Porque el tío de M.S. el sensible Victor Fogg, es otra víctima de la desaparición de su hermana. M.S. nos describe paso a paso sus glorias y su lenta caída en el infierno, el infierno de los caracteres, el infierno que los consume, que los agota y que finalmente los mata. Recordemos que toda la novela podría tildarse de descenso a los infiernos, más que de infierno crematorio que volatiliza todo lo hecho, todo lo dicho, todo lo sentido.
El tío Victor es el alma gemela, el alma comprensiva, el alma del sentido. En tanto existe Víctor, en tanto existen sus libros, en tanto existe incluso su instrumento musical, M.S mantiene un orden en el cosmos, mantiene un sentido. La acción de leer con avidez los libros que tío Victor deja es la acción caníbal de devorarlo, es un ritual de renacimiento y de reincorporación del horizonte de los Fogg, que como todo en los Fogg resultará infructuoso, sin sentido, obra a medias, nefasta, ingrata.
La saga de los Fogg, la desgraciada saga de los Fogg, es la manifestación de la ausencia. Del vacío que en la “novela caracteriológica” tiene la obligación de manifestarse, paradoja cruel. Ahí están las manifestaciones de la madre perdida, del tío perdido y de la perdición definitiva del hijo y sobrino y de cuanto le rodea.

Amistades y amores perdidos: Zimmer y Kitty Wu.

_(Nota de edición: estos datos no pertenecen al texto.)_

(* Let $\mathcal{Y}=\{1,\dots,C\}$ be a finite label set and let $\Delta$ denote the set of probability distributions on $\mathcal{Y}$. Let $K\ge 1$, let $\mathcal{D}_1,\dots,\mathcal{D}_K$ be pairwise disjoint measurable subsets of an input space $\mathcal{X}$, and for each $k$ let $P_k$ be a probability measure on $\mathcal{X}$ with $P_k(\mathcal{D}_k)=1$. Let $q_1,\dots,q_K\ge 0$ with $\sum_{k=1}^K q_k=1$ and $P=\sum_{k=1}^K q_kP_k$. Let $\Phi^*:\mathcal{X}\to\Delta$ be measurable, and let $\Phi(\cdot;w)$, $\Phi(\cdot;w_1),\dots,\Phi(\cdot;w_K)$ be measurable maps $\mathcal{X}\to\Delta$ (a global model with parameter $w$ and local models with parameters $w_k$). Let $\delta(p,q)=\sup_{A\subseteq\mathcal{Y}}|p(A)-q(A)|$ be the total variation distance and define $\delta^\dagger(p,q):=\delta(p,q)^2$. Then $$\int \delta^\dagger(\Phi^*(x),\Phi(x;w))\,P(dx)\le L_1'+L_2',$$ where $$L_1'=\sum_{k=1}^K q_k\int_{\mathcal{D}_k} D_{KL}(\Phi^*(x)\,\|\,\Phi(x;w_k))\,P_k(dx),\qquad L_2'=\sum_{k=1}^K q_k\int_{\mathcal{D}_k} D_{KL}(\Phi(x;w_k)\,\|\,\Phi(x;w))\,P_k(dx),$$ and $D_{KL}$ denotes the Kullback–Leibler divergence (with values in $[0,\infty]$).
   Context: This is the federated learning setting: client $k$ holds private data $\mathcal{D}_k$ drawn from distribution $P_k$, $q_k$ is the probability that a sample comes from client $k$, and $P$ is the distribution of the whole data. $\Phi^*$ is the ground-truth map, $\Phi(\cdot;w_k)$ the local models and $\Phi(\cdot;w)$ the global model, all of the same architecture and outputting probability vectors. *)

From HB Require Import structures.
From mathcomp Require Import all_boot all_order all_algebra.
From mathcomp Require Import all_classical all_reals all_analysis.
Set Implicit Arguments. Unset Strict Implicit. Unset Printing Implicit Defensive.
Import Order.TTheory GRing.Theory Num.Theory.
Import numFieldNormedType.Exports.
Local Open Scope classical_set_scope.
Local Open Scope ring_scope.

Definition is_prob_vec (R : realType) (C : nat) (p : 'I_C -> R) : Prop :=
  (forall i, 0 <= p i) /\ \sum_(i < C) p i = 1.

Definition tv_dist (R : realType) (C : nat) (p q : 'I_C -> R) : R :=
  \big[Num.max/0]_(A : {set 'I_C}) `|\sum_(i in A) p i - \sum_(i in A) q i|.

Definition tv_dagger (R : realType) (C : nat) (p q : 'I_C -> R) : R :=
  tv_dist p q ^+ 2.

Definition kl_term (R : realType) (a b : R) : \bar R :=
  if a == 0 then 0%E
  else if b == 0 then +oo%E
  else (a * ln (a / b))%:E.

Definition KL (R : realType) (C : nat) (p q : 'I_C -> R) : \bar R :=
  (\sum_(i < C) kl_term (p i) (q i))%E.

From HB Require Import structures.
From mathcomp Require Import all_boot all_order all_algebra.
From mathcomp Require Import all_classical all_reals all_analysis.
From mathcomp Require Import measurable_realfun ring lra.
Set Implicit Arguments. Unset Strict Implicit. Unset Printing Implicit Defensive.
Import Order.TTheory GRing.Theory Num.Theory.
Import numFieldNormedType.Exports.
Local Open Scope classical_set_scope.
Local Open Scope ring_scope.

(* Pinsker's inequality KL(p || q) >= |p - q|_1^2 / 2 follows by summing the
   pointwise bound a ln(a/b) >= (a - b) + 3/2 (a - b)^2 / (a + 2b) over the labels
   and applying Sedrakyan's (Cauchy-Schwarz) inequality with the weights p + 2q,
   whose total mass is 3.  Since delta(p, r) <= |p - r|_1 / 2 and
   ((u + v) / 2)^2 <= (u^2 + v^2) / 2, the triangle inequality through
   q = Phi(x; w_k) gives delta(p, r)^2 <= KL(p || q) + KL(q || r) pointwise.
   Integrating against P = sum_k q_k P_k, where P_k is concentrated on D_k,
   gives the claim. *)

Section pinsker.
Variable R : realType.
Implicit Types a b t : R.

Lemma is_deriveV (f : R -> R) (x v df : R) : f x != 0 -> is_derive x v f df ->
  is_derive x v (fun y => (f y)^-1) (- (f x) ^- 2 * df).
Proof.
move=> fx0 [df_ <-]; apply: DeriveDef; first exact: derivableV.
by rewrite deriveV.
Qed.

(* A rational lower bound of ln, tangent to it to third order at t = 1;
   a * pinsker_rat (a / b) = (a - b) + 3/2 (a - b)^2 / (a + 2b). *)
Definition pinsker_rat t := 5 / 2 - (4 * t)^-1 - 27 / 4 / (t + 2).

Lemma is_derive_ln_sub_pinsker_rat t : 0 < t ->
  is_derive t 1 (fun s => ln s - pinsker_rat s) ((t - 1) ^+ 3 / (t ^+ 2 * (t + 2) ^+ 2)).
Proof.
move=> t0; have t_neq0 : t != 0 by rewrite gt_eqF.
have t2_neq0 : t + 2 != 0 by rewrite gt_eqF //; lra.
have d4t : is_derive t 1 (fun s : R => (4 * s)^-1) (- (4 * t) ^- 2 * (4 * 1)).
  by apply: is_deriveV; rewrite ?mulf_neq0.
have dt2 : is_derive t 1 (fun s : R => (s + 2)^-1) (- (t + 2) ^- 2 * (1 + 0)).
  exact: is_deriveV.
have := is_deriveB (is_derive1_ln t0) (is_deriveB (is_deriveB (is_derive_cst (5 / 2 : R) t 1) d4t)
   (is_deriveZ (27 / 4) dt2)).
suff -> : (t - 1) ^+ 3 / (t ^+ 2 * (t + 2) ^+ 2) =
    t^-1 - (0 - - (4 * t) ^- 2 * (4 * 1) - (27 / 4) * (- (t + 2) ^- 2 * (1 + 0))) by [].
by field; rewrite t_neq0 t2_neq0.
Qed.

Lemma pinsker_rat_le_ln t : 0 < t -> pinsker_rat t <= ln t.
Proof.
move=> t0; rewrite -subr_ge0.
pose h s := ln s - pinsker_rat s.
have h1 : h 1 = 0 by rewrite /h /pinsker_rat ln1; field.
have dh (s : R) : 0 < s -> derivable h s 1.
  by move=> s0; have [] := is_derive_ln_sub_pinsker_rat s0.
have h' (s : R) : 0 < s -> derive1 h s = (s - 1) ^+ 3 / (s ^+ 2 * (s + 2) ^+ 2).
  by move=> s0; rewrite derive1E; have [_ ->] := is_derive_ln_sub_pinsker_rat s0.
have den_ge0 (s : R) : 0 <= (s ^+ 2 * (s + 2) ^+ 2)^-1.
  by rewrite invr_ge0 mulr_ge0 ?sqr_ge0.
have ch (a b : R) : 0 < a -> {within `[a, b], continuous h}.
  move=> a0; apply: derivable_within_continuous => s.
  by rewrite in_itv /= => /andP[a_s _]; apply: dh; lra.
have [t1|t1] := leP 1 t; rewrite -h1 -/(h t).
  apply: (ger0_derive1_le_cc (f := h) _ _ (ch 1 t ltr01)); rewrite ?in_itv /= ?lexx ?t1 //.
  - by move=> s; rewrite in_itv /= => /andP[s1 _]; apply: dh; lra.
  - move=> s; rewrite in_itv /= => /andP[s1 _]; rewrite h'; last by lra.
    by apply: mulr_ge0 (den_ge0 s); apply: exprn_ge0; lra.
apply: (ler0_derive1_le_cc (f := h) _ _ (ch t 1 t0)); rewrite ?in_itv /= ?lexx ?(ltW t1) //.
- by move=> s; rewrite in_itv /= => /andP[ts _]; apply: dh; lra.
- move=> s; rewrite in_itv /= => /andP[ts s1]; rewrite h'; last by lra.
  apply: mulr_le0_ge0 (den_ge0 s); rewrite exprS mulr_le0_ge0 ?sqr_ge0 //; lra.
Qed.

Zimmer es el contraste de Marco Fogg. Paul Auster usa sus servicios como quien usa a un amigo. A lo peor, o a lo mejor, el autor de El palacio de la luna rememora a algún amigo de sus tiempos de universidad, porque Zimmer tiene mucho de trivialidad vulgar, de persona que a ojos de nuestro autor merece escarnio. ¿Porque es persona normal tal vez? Esto es, porque cumple con la norma a rajatabla. Va a clase, estudia, aprende lo suficiente dentro de su mediocridad, se casa, tiene hijos y acaba dando clases en la Universidad y escribiendo un libro de más de cuatrocientas páginas sobre el cine francés ¡el colmo de lo trivial!: patético, Zimmer es un personaje patético. Claro, patético para Auster que late como un obseso bajo la piel de su personaje, para los seres normales, que somos los que leemos las novelas de Auster, nos parece ejemplar. ¡Ay la voluntad! ¡Y qué benditos quebraderos de cabeza trae a los creadores! Es curioso el encuentro que estos dos personajes tienen pasados muchos años, años después de que Zimmer sacara a su amigo, el joven Fogg de la vida de apatheia y cínica que llevaba en Central Park; ese Zimmer que lo alimentó, que le dio cobijo, con el que compartió en un pasado más pasado techo de estudiante… ¡Zimmer! Era la primavera del 1982 en el bajo Manhattan. Ambos amigos se encuentran por casualidad: “había cambiado tanto que apenas lo reconocí” señala Marco Stevenson Fogg; y lo que le llama la atención de su viejo amigo es que ha engordado, que tiene mujer e hijos y que su aspecto es ¡“absolutamente convencional”! Que está panzudo y que tiene una calva incipiente y un aire plácido y distraído, de totius pater familias tradicionalis. ¡Lástima! Una vena bohemia le sale al personaje de Fogg, la misma vena bohemia que transita exageradamente sus acciones, sus gestos, sus ademanes y grosso modo sus pensamientos. De esa bohemia, creo, vive toda la novela. Esa bohemia “anormaloide” es su sentido. Y convendría no confundir la bohemia anormaloide con el acoso a la mímesis y el decoro.
Y la confesión terrible: “No he vuelto a verle ni a saber de él desde entonces pero sospecho que la idea de escribir este libro se me ocurrió por primera vez después de ese encuentro de hace cuatro años, en el preciso momento en que Zimmer desapareció calle abajo y le perdí de visa otra vez”[4]. El libro que hemos leído, el libro que está en las manos del lector tiene un ideólogo que en cierto modo es el vulgar Zimmer.
Acaso por patético y por vulgar es por lo que Zimmer se salva del descenso a los infiernos, o tal vez sea el ejemplo del más terrible descenso a los infiernos: la normalidad.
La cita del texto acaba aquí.